— Заварен уже, я вам оставил на чашку, вы же некрепкий пьете. Остыл, подогрейте, секундное же дело. Всюду побалтывают чуть ли не о войне… С Британией.
— Чушь.
— Именно, как вы выражаетесь. Абсолютная беспросветная чушь. Но разговоры идут, на цены влияют. Акции военных предприятий пухнут как на дрожжах. Если грянет война — цена им пыль дорожная будет, как и всему Южному полушарию с Бабилоном во главе…
— И Северному.
— Да, и Северному полушарию, и всем живущим по обе стороны экватора. Но это значит, что никакой войны не будет, а акции, тем не менее, растут, питаемые дурными слухами. Почему бы нам без хлопот и риска не заработать на этом? Прежде чем взяться за вашу идею?
— Хм… Отчего все плешивые такие умные? Это надо будет завтра предметно обдумать…
— Сигорд. Я — не — плешивый.
— Но все одно умный. Закрывайся, ставь на сигнализацию и поехали.
— Ну что, Эли, все готово?
— Да.
— Сабборг знает, как ты считаешь? Или догадывается?

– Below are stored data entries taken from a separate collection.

(* McCoy-style descent on [size S]: if [r * s_q] is outside [I] with [q]
   maximal, then [r * s_q] replaces [r], and the top index of [r] outside [I]
   leaves [S]. *)
Lemma homog_witness_mul_supp (S : seq nat) r s :
  (forall i, i \notin S -> I (hcomp r i)) -> I (r * s) -> ~ I r ->
  exists d c, [/\ Rn d c, ~ I c & I (c * s)].
Proof.
move: {2}(size S) (leqnn (size S)) => n.
elim: n S r => [|n IH] S r sizeS inS Irs Nr.
  case: (top_hcomp_notin Nr) => p [Np _]; case: Np; apply: inS.
  by move: sizeS; rewrite leqn0 => /nilP ->.
have [p [Np topr]] := top_hcomp_notin Nr.
case: (classic (exists j, ~ I (r * hcomp s j))) => [bad_s|]; last first.
  move=> all_s; exists p, (hcomp r p); split => //; first exact: hcomp_homog.
  rewrite (sum_hcomp (leqnn (hbound s))) mulr_sumr; apply: (ideal_sum idI) => j _.
  have /(HI.2 _ (p + j)) : I (r * hcomp s j) by apply: NNPP => Nj; apply: all_s; exists j.
  by rewrite (hcompMr _ _ (hcomp_homog s j)) leq_addl addnK.
have [|q [Nq tops]] := exists_max_nat bad_s (B := hbound s).
  move=> j Nj; rewrite ltnNge; apply/negP => sj; apply: Nj.
  by rewrite hcomp_eq0 // mulr0; apply: ideal0.
have pS : p \in S by apply: NNPP => /negP /inS.
have Ipq : I (hcomp r p * hcomp s q).
  by apply: top_hcomp_mul => // j /tops /NNPP.
pose S' := [seq (i + q)%N | i <- [seq i <- S | i != p]].
apply: (IH S' (r * hcomp s q)) => //.
- have : (0 < count (pred1 p) S)%N by rewrite -has_count has_pred1.
  move: sizeS; rewrite -(count_predC (pred1 p)) /S' size_map size_filter.
  have -> : count (fun i => i != p) S = count (predC (pred1 p)) S by apply: eq_count.
  lia.
- move=> k kS'; rewrite (hcompMr _ _ (hcomp_homog s q)); case: ifP => qk; last exact: ideal0.
  case: (eqVneq (k - q)%N p) => [-> //|kp]; apply/(idealMr idI)/inS/negP => kqS.
  by case/mapP: kS'; exists (k - q)%N; rewrite ?subnK // mem_filter kp.
- by rewrite mulrAC; apply: idealMr.
Qed.

Lemma homog_witness_mul r s : I (r * s) -> ~ I r ->
  exists d c, [/\ Rn d c, ~ I c & I (c * s)].
Proof.
apply: (@homog_witness_mul_supp (iota 0 (hbound r))) => // i.
by rewrite mem_iota /= add0n -leqNgt => ri; rewrite hcomp_eq0 //; apply: ideal0.
Qed.

Lemma homog_witness_pow r n : I (r ^+ n) -> ~ I r ->
  exists d c, [/\ Rn d c, ~ I c & I (c ^+ n)].
Proof.
move=> Irn Nr; have [p [Np topr]] := top_hcomp_notin Nr.
exists p, (hcomp r p); split=> //; first exact: hcomp_homog.
set r' := htrunc r p.
have Ir'n : I (r' ^+ n).
  have -> : r' ^+ n = r ^+ n - (r ^+ n - r' ^+ n) by ring.
  by apply: (idealB idI) => //; apply/(ideal_subX idI)/htrunc_top.
have r'0 i : (p < i)%N -> hcomp r' i = 0 by move=> pi; rewrite hcomp_htrunc leqNgt pi.
have [top _] := hcompX_top r'0 n.
by have := HI.2 _ (n * p) Ir'n; rewrite top hcomp_htrunc leqnn.
Qed.

End HomogIdeal.

Section Transfer.
Variables (I : R -> Prop) (A : comPzRingType) (pi : {rmorphism R -> A}) (J : A -> Prop).
Hypothesis HI : homog_ideal I.
Hypothesis IJ : forall r, I r -> J (pi r).
Hypothesis JI : forall d y, Rn d y -> J (pi y) -> I y.
Hypothesis homog_surj : forall a, exists d y, Rn d y /\ pi y = a.

Let idI := HI.1.

Lemma ideal1_transfer : ~ I 1 <-> ~ J 1.
Proof.
split=> [NI1 J1|NJ1 /IJ]; last by rewrite rmorph1.
by apply/NI1/(JI grade1); rewrite rmorph1.
Qed.

Lemma prime_ideal_transfer : prime_ideal I <-> prime_ideal J.
Proof.
split=> [[/ideal1_transfer NJ1 Ip] | [/ideal1_transfer NI1 Jp]]; split=> //.
  move=> a b; have [d [y [Hy <-]]] := homog_surj a; have [e [z [Hz <-]]] := homog_surj b.
  by rewrite -rmorphM => /(JI (gradeM Hy Hz)) /Ip [] /IJ; [left | right].
move=> r s Irs; case: (classic (I r)) => [|Nr]; [by left | right].
have [d [c [Hc Nc Ics]]] := homog_witness_mul HI Irs Nr.
apply: (homog_ideal_hcomp HI) => j; apply: (JI (hcomp_homog s j)).
have /IJ := homog_mul_hcomp HI j Hc Ics.
by rewrite rmorphM => /Jp [/(JI Hc)|].
Qed.

Lemma primary_ideal_transfer : primary_ideal I <-> primary_ideal J.
Proof.
split=> [[/ideal1_transfer NJ1 Ip] | [/ideal1_transfer NI1 Jp]]; split=> //.
  move=> a b; have [d [y [Hy <-]]] := homog_surj a; have [e [z [Hz <-]]] := homog_surj b.
  rewrite -rmorphM => /(JI (gradeM Hy Hz)) /Ip Iz Ny.
  have [n Izn] : exists n, I (z ^+ n) by apply: Iz => /IJ.
  by exists n; rewrite -rmorphXn; apply: IJ.
move=> r s Irs Nr; have [d [c [Hc Nc Ics]]] := homog_witness_mul HI Irs Nr.
have NJc : ~ J (pi c) by move/(JI Hc).
suff [n] : exists n, I ((\sum_(j <- index_iota 0 (hbound s)) hcomp s j) ^+ n).
  by rewrite -sum_hcomp //; exists n.
apply: (ideal_nil_sum idI) => j _.
have /IJ := homog_mul_hcomp HI j Hc Ics.
rewrite rmorphM => /Jp /(_ NJc) [n].
by rewrite -rmorphXn => /(JI (gradeX n (hcomp_homog s j))); exists n.
Qed.

Lemma radical_ideal_transfer : radical_ideal I <-> radical_ideal J.
Proof.
split=> [Ir a n | Jr r n Irn].
  have [d [y [Hy <-]]] := homog_surj a.
  by rewrite -rmorphXn => /(JI (gradeX n Hy)) /Ir /IJ.
apply: NNPP => Nr; have [d [c [Hc Nc Icn]]] := homog_witness_pow HI Irn Nr.
by have := IJ Icn; rewrite rmorphXn => /Jr /(JI Hc).
Qed.

End Transfer.

End GradedRing.

Section GradedModule.
Variables (R : comPzRingType) (Rn : nat -> R -> Prop).
Variables (M : lmodType R) (Mn : int -> M -> Prop).
Hypothesis HR : graded_ring Rn.
Hypothesis HM : graded_module Rn Mn.

Local Notation hcomp := (hcomp HR).
Local Notation hbound := (hbound HR).
Local Notation hshift := (hshift HR).

Lemma mgrade0 n : Mn n 0. Proof. by case: HM. Qed.

Lemma mgradeB n u v : Mn n u -> Mn n v -> Mn n (u - v).
Proof. by case: HM => _ H *; apply: H. Qed.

— Не уверен, однако вот увидишь: еще дым из ствола не рассеется, еще чрезвычайное положение объявить не успеем, как он сообразит, что к чему. Волчара.
— Ради бога, пусть догадывается, но мы ведь все равно подскажем ему, где правильно искать преступника?

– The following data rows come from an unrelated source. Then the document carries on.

(* Let $c>0$ and let $F:\mathbb{S}^3(c/4)\to T^1\mathbb{S}^2(c)$ be the map defined in the context. Then $F$ is a covering map with $F(-y)=F(y)$, and: (1) For $m=\log_2 c$ and any $r\ge 0$, $F$ induces an isometry from the real projective space $\mathbb{R}\mathrm{P}^3(c/4)=\mathbb{S}^3(c/4)/\{\pm 1\}$, with the metric of constant curvature $c/4$ induced from $\mathbb{S}^3(c/4)$, onto $T^1\mathbb{S}^2(c)$ equipped with the Riemannian metric obtained by restricting the generalized Cheeger–Gromoll metric $h_{m,r}$ of $T\mathbb{S}^2(c)$. Equivalently, $F^*(h_{m,r}|_{T^1\mathbb{S}^2(c)})$ is the round metric of $\mathbb{S}^3(c/4)$. (2) Take $c=4$, so that $\mathbb{S}^3(c/4)=\mathbb{S}^3$ and $F:\mathbb{S}^3\to T^1\mathbb{S}^2(4)$. Let $\epsilon>0$ and let $g_\epsilon$ be the Berger metric on $\mathbb{S}^3$, i.e. the Riemannian metric for which $\{X_1,X_2,\epsilon X_3\}$ is an orthonormal frame. Then for $m=\log_2(\epsilon^2)+2$ and any $r\ge0$, $F$ induces an isometry from $(\mathbb{R}\mathrm{P}^3,g_\epsilon)$ (the quotient of $(\mathbb{S}^3,g_\epsilon)$ by $\pm1$) onto $(T^1\mathbb{S}^2(4),h_{m,r}|_{T^1\mathbb{S}^2(4)})$.
   Context: For $c>0$, $\mathbb{S}^n(c)=\{x\in\mathbb{R}^{n+1}:|x|=1/\sqrt c\}$ with the metric induced from Euclidean $\mathbb{R}^{n+1}$ (constant curvature $c$); $\mathbb{S}^n=\mathbb{S}^n(1)$. For $x=(x^1,x^2,x^3,x^4)\in\mathbb{R}^4$ write $z_1=x^1+\sqrt{-1}x^2$, $z_2=x^3+\sqrt{-1}x^4$. On $\mathbb{S}^3$ define the orthonormal vector fields - $X_1(x)=(-x^4,-x^3,x^2,x^1)$, - $X_2(x)=(-x^3,x^4,x^1,-x^2)$, - $X_3(x)=(-x^2,x^1,-x^4,x^3)$. For $x\in\mathbb{S}^3$ let $A_x=\begin{pmatrix}z_1&-\bar z_2\\ z_2&\bar z_1\end{pmatrix}\in\mathrm{SU}(2)$. Let $e_1=\begin{pmatrix}0&\sqrt{-1}\\ \sqrt{-1}&0\end{pmatrix}$, $e_2=\begin{pmatrix}0&-1\\1&0\end{pmatrix}$, $e_3=\begin{pmatrix}\sqrt{-1}&0\\0&-\sqrt{-1}\end{pmatrix}$. These form an orthonormal basis of $\mathfrak{su}(2)$ for $\langle X,Y\rangle=-\tfrac12\mathrm{Tr}(XY)$. Identify $\mathfrak{su}(2)$ with $\mathbb{R}^3$ via coordinates in this basis. Then $\rho(A_x)\in\mathrm{SO}(3)$ is the matrix of $Y\mapsto A_xYA_x^{-1}$, whose columns are the coordinate vectors of $A_xe_jA_x^{-1}$: - $A_xe_1A_x^{-1}=(\mathrm{Re}(z_1^2-\bar z_2^2),\ \mathrm{Im}(z_1^2-\bar z_2^2),\ -2\mathrm{Re}(z_1z_2))$, - $A_xe_2A_x^{-1}=(\mathrm{Im}(\bar z_1^2+z_2^2),\ \mathrm{Re}(\bar z_1^2+z_2^2),\ 2\mathrm{Im}(z_1z_2))$, - $A_xe_3A_x^{-1}=(2\mathrm{Re}(z_1\bar z_2),\ 2\mathrm{Im}(z_1\bar z_2),\ |z_1|^2-|z_2|^2)$. The unit tangent bundle is $T^1\mathbb{S}^2(c)=\{(p,v)\in\mathbb{R}^3\times\mathbb{R}^3: |p|=1/\sqrt c,\ |v|=1,\ \langle p,v\rangle=0\}$, with projection $\pi(p,v)=p$. The map $F:\mathbb{S}^3(c/4)\to T^1\mathbb{S}^2(c)$ is $$F(2x/\sqrt c)=\big(\tfrac1{\sqrt c}A_xe_3A_x^{-1},\ A_xe_1A_x^{-1}\big),\qquad x\in\mathbb{S}^3,$$ i.e. $F=\phi\circ\rho\circ\psi\circ\iota$ with $\iota(2x/\sqrt c)=x$, $\psi(x)=A_x$, and $\phi(c_1\,c_2\,c_3)=(c_3/\sqrt c,c_1)$. Lifts: $T\mathbb{S}^2(c)\subset\mathbb{R}^3\times\mathbb{R}^3$. For $(p,e)\in T\mathbb{S}^2(c)$ and $X\in T_p\mathbb{S}^2(c)$: - the vertical lift $X^v\in T_{(p,e)}T\mathbb{S}^2(c)$ is the velocity at $t=0$ of $t\mapsto(p,e+tX)$; - the horizontal lift $X^h$ is the velocity at $t=0$ of $t\mapsto(\gamma(t),V(t))$, where $\gamma$ is a curve in $\mathbb{S}^2(c)$ with $\gamma(0)=p$, $\dot\gamma(0)=X$, and $V$ is the Levi-Civita parallel field along $\gamma$ with $V(0)=e$. Every tangent vector of $T\mathbb{S}^2(c)$ at $(p,e)$ is uniquely $X^h+Y^v$, and $T_{(p,e)}T^1\mathbb{S}^2(c)=\{X^h+Y^v:\langle Y,e\rangle=0\}$. Generalized Cheeger–Gromoll metric: for $m\in\mathbb{R}$ and $r\ge0$, $h_{m,r}$ on $T\mathbb{S}^2(c)$ is given at $(p,e)$ by - $h_{m,r}(X^h,Y^h)=\langle X,Y\rangle$, - $h_{m,r}(X^h,Y^v)=0$, - $h_{m,r}(X^v,Y^v)=\omega^m(\langle X,Y\rangle+r\langle X,e\rangle\langle Y,e\rangle)$, where $\omega=1/(1+|e|^2)$. *)

From Stdlib Require Import Reals.
Open Scope R_scope.

Definition R3 : Type := (R * R * R)%type.
Definition R4 : Type := (R * R * R * R)%type.

Definition dot3 (u v : R3) : R :=
  let '(a1, a2, a3) := u in let '(b1, b2, b3) := v in a1*b1 + a2*b2 + a3*b3.
Definition add3 (u v : R3) : R3 :=
  let '(a1, a2, a3) := u in let '(b1, b2, b3) := v in (a1+b1, a2+b2, a3+b3).
Definition scal3 (k : R) (u : R3) : R3 :=
  let '(a1, a2, a3) := u in (k*a1, k*a2, k*a3).
Definition norm3 (u : R3) : R := sqrt (dot3 u u).
Definition c1 (u : R3) : R := let '(a, _, _) := u in a.
Definition c2 (u : R3) : R := let '(_, a, _) := u in a.
Definition c3 (u : R3) : R := let '(_, _, a) := u in a.

Definition dot4 (u v : R4) : R :=
  let '(a1, a2, a3, a4) := u in let '(b1, b2, b3, b4) := v in
  a1*b1 + a2*b2 + a3*b3 + a4*b4.
Definition add4 (u v : R4) : R4 :=
  let '(a1, a2, a3, a4) := u in let '(b1, b2, b3, b4) := v in
  (a1+b1, a2+b2, a3+b3, a4+b4).
Definition scal4 (k : R) (u : R4) : R4 :=
  let '(a1, a2, a3, a4) := u in (k*a1, k*a2, k*a3, k*a4).
Definition opp4 (u : R4) : R4 := scal4 (-1) u.
Definition norm4 (u : R4) : R := sqrt (dot4 u u).

Definition on_S3 (k : R) (y : R4) : Prop := norm4 y = 1 / sqrt k.

(* unit tangent bundle T^1 S^2(c) inside R^3 x R^3 *)
Definition in_T1S2 (c : R) (q : R3 * R3) : Prop :=
  let (p, v) := q in norm3 p = 1 / sqrt c /\ norm3 v = 1 /\ dot3 p v = 0.

(* coordinates of A_x e_1 A_x^{-1} and A_x e_3 A_x^{-1} (Re/Im expanded,
   z1 = x1 + i x2, z2 = x3 + i x4) *)
Definition col1 (x : R4) : R3 :=
  let '(x1, x2, x3, x4) := x in
  (x1^2 - x2^2 - x3^2 + x4^2, 2*x1*x2 + 2*x3*x4, - (2*(x1*x3 - x2*x4))).
Definition col3 (x : R4) : R3 :=
  let '(x1, x2, x3, x4) := x in
  (2*(x1*x3 + x2*x4), 2*(x2*x3 - x1*x4), x1^2 + x2^2 - x3^2 - x4^2).

(* F(2x/sqrt c) = (A_x e3 A_x^{-1} / sqrt c, A_x e1 A_x^{-1}), i.e. x = (sqrt c/2) y.
   The formula is polynomial, hence extended to all of R^4. *)
Definition Fmap (c : R) (y : R4) : R3 * R3 :=
  let x := scal4 (sqrt c / 2) y in (scal3 (1 / sqrt c) (col3 x), col1 x).

Definition vderiv3 (f : R -> R3) (t : R) (v : R3) : Prop :=
  derivable_pt_lim (fun s => c1 (f s)) t (c1 v) /\
  derivable_pt_lim (fun s => c2 (f s)) t (c2 v) /\
  derivable_pt_lim (fun s => c3 (f s)) t (c3 v).

(* differential dF_y(w) (in R^3 x R^3), via the polynomial extension of F *)
Definition is_dF (c : R) (y w : R4) (xi : R3 * R3) : Prop :=
  vderiv3 (fun t => fst (Fmap c (add4 y (scal4 t w)))) 0 (fst xi) /\
  vderiv3 (fun t => snd (Fmap c (add4 y (scal4 t w)))) 0 (snd xi).

Definition tang (c : R) (q v : R3) : R3 := add3 v (scal3 (- (c * dot3 v q)) q).

(* horizontal lift X^h at (p,e): velocity at 0 of (gamma, V), gamma a smooth
   curve in S^2(c) with gamma(0)=p, gamma'(0)=X, V a tangent field along gamma,
   Levi-Civita parallel (tangential part of V' vanishes), V(0)=e. *)
Definition is_hlift (c : R) (p e X : R3) (H : R3 * R3) : Prop :=
  exists (gam V : R -> R3) (V0' : R3),
    (forall t, norm3 (gam t) = 1 / sqrt c) /\
    (forall t, exists u, vderiv3 gam t u) /\
    (forall t, dot3 (V t) (gam t) = 0) /\
    gam 0 = p /\ V 0 = e /\ vderiv3 gam 0 X /\
    (forall t, exists v, vderiv3 V t v /\ tang c (gam t) v = (0, 0, 0)) /\
    vderiv3 V 0 V0' /\ H = (X, V0').

(* h_{m,r}((p,e))(xi1, xi2) = val, with xi_i = X_i^h + Y_i^v *)
Definition cg_metric (c m r : R) (pe : R3 * R3) (xi1 xi2 : R3 * R3) (val : R) : Prop :=
  let (p, e) := pe in
  exists (X1 Y1 X2 Y2 : R3) (H1 H2 : R3 * R3),
    dot3 X1 p = 0 /\ dot3 Y1 p = 0 /\ dot3 X2 p = 0 /\ dot3 Y2 p = 0 /\
    is_hlift c p e X1 H1 /\ is_hlift c p e X2 H2 /\
    xi1 = (fst H1, add3 (snd H1) Y1) /\ xi2 = (fst H2, add3 (snd H2) Y2) /\
    val = dot3 X1 X2 + Rpower (1 / (1 + dot3 e e)) m *
                       (dot3 Y1 Y2 + r * dot3 Y1 e * dot3 Y2 e).

(* F^*(h_{m,r}|T^1S^2(c)) = g on S^3(c/4) *)
Definition pullback_is (c m r : R) (g : R4 -> R4 -> R4 -> R) : Prop :=
  forall y w1 w2 : R4,
    on_S3 (c / 4) y -> dot4 w1 y = 0 -> dot4 w2 y = 0 ->
    exists xi1 xi2 : R3 * R3,
      is_dF c y w1 xi1 /\ is_dF c y w2 xi2 /\
      cg_metric c m r (Fmap c y) xi1 xi2 (g y w1 w2) /\
      (forall v, cg_metric c m r (Fmap c y) xi1 xi2 v -> v = g y w1 w2).

Definition round_metric (y w1 w2 : R4) : R := dot4 w1 w2.

Definition Xf1 (x : R4) : R4 := let '(x1, x2, x3, x4) := x in (-x4, -x3, x2, x1).
Definition Xf2 (x : R4) : R4 := let '(x1, x2, x3, x4) := x in (-x3, x4, x1, -x2).
Definition Xf3 (x : R4) : R4 := let '(x1, x2, x3, x4) := x in (-x2, x1, -x4, x3).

— И тут все готово. Для него, для нас, для прессы, для международных наблюдателей. Шпион коварнее разведчика, но глупее, на этом-то мы его, голубчика, и разоблачим, совместными с Конторой усилиями.
— Да ты, вроде, слегка волнуешься, Эли?
— Угу. А ты как?
— Боюсь.
— Что-что? Железный Доффер может чего-то бояться?

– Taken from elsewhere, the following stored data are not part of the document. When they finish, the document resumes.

(* Inverse: the unique Z with Z_0 = I and (XZ)_j = 0 for j >= 1, obtained by
   solving the triangular system diagonal by diagonal:
   Z_{j,i} = - sum_{k=1}^{j} X_{k,i} Z_{j-k, i+k}.  [bm_inv_aux n] is correct on
   diagonals j <= n. *)
Fixpoint bm_inv_aux (X : BM) (n : nat) : BM :=
  match n with
  | 0 => bm_one
  | n'.+1 => let Z := bm_inv_aux X n' in
      fun j i => if j == 0%N then 1%:M
                 else - \sum_(k < j) X k.+1 i *m Z (j - k.+1)%N (shift3 i k.+1)
  end.
Definition bm_inv (X : BM) : BM := fun j i => bm_inv_aux X j j i.

(* integer encoding: 256u11+128u12+64u13+32u21+16u22+8u23+4u31+2u32+u33 *)
Definition code_mx (c : nat) : blk :=
  \matrix_(p < 3, q < 3) (odd (c %/ 2 ^ (8 - (3 * p + q))))%:R.

Definition code_diag (t : nat * nat * nat) : 'I_3 -> blk :=
  fun i => let: (a, b, c) := t in
           code_mx (if i == 0 :> nat then a else if i == 1 :> nat then b else c).

Definition M0fin (ds : seq (nat * nat * nat)) : BM :=
  fun j i => if j == 0%N then 1%:M
             else if (j <= size ds)%N then code_diag (nth (0, 0, 0)%N ds j.-1) i
             else 0.

Definition has_form (X : BM) (l : nat) (c1 c2 : nat * nat * nat) : Prop :=
  (forall j i, (1 <= j <= l)%N -> X j i = 0) /\
  (forall i, X l.+1 i = code_diag c1 i) /\
  (forall i, X l.+2 i = code_diag c2 i).

Definition x0 : BM := M0fin [:: (11,11,11); (17,17,17); (26,26,26); (11,11,0); (17,0,0)]%N.
Definition x1 : BM := M0fin [:: (23,224,138); (59,136,495); (26,488,227); (23,224,0); (59,0,0)]%N.
Definition x2 : BM := M0fin [:: (46,68,217); (12,194,363); (26,326,77); (46,68,0); (12,0,0)]%N.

— Представь себе. Сейчас бы коньячку граммов двести, подрасслабиться чтобы…
— Ну так дерни. Ты же министр, тебе и на рабочем месте можно.
— Нельзя, это слабость. Когда все закончится — выпью от души. Но не допьяна.
— А я, хоть и замминистра, нажрусь, с твоего позволения. Когда все завершится.
— Нажрись, не возражаю.
Катастрофа пришла оттуда, откуда невозможно было представить: за один день до исполнения «Домом фондовых ремесел» срочных обязательств перед клиентами, был застрелен господин Президент, Главнокомандующий Вооруженными силами страны, мыслитель нации, хозяйственник, гарант стабильности, почетный фараон всех пирамид Африки и обеих Америк, трижды академик Леон Кутон. Пуля подлого убийцы настигла его, когда он произносил речь, стоя на какой-то незначительной праздничной трибуне, и страна внезапно, хотя и ненадолго, осиротела.
Бабилон, страна и столица, вспомнил предыдущую похоронную веху шестнадцатилетней давности и заскорбел во всю застоявшуюся траурную мощь… Речи, речи, речи… Митинги стихийные и плановые, венки, красно-черно-белые полосы глянцевых журналов, бесконечные биографические репортажи… И, наконец, минута молчания над всем континентом. Покойник, конечно же, не увидит этого и не услышит, но преемник его, генерал Фридрих Мастертон, который в перспективе не может не примерять на себя все эти прощальные знаки уважения, преемник увидит и запомнит, и оценит — кто и как верноподдан власти.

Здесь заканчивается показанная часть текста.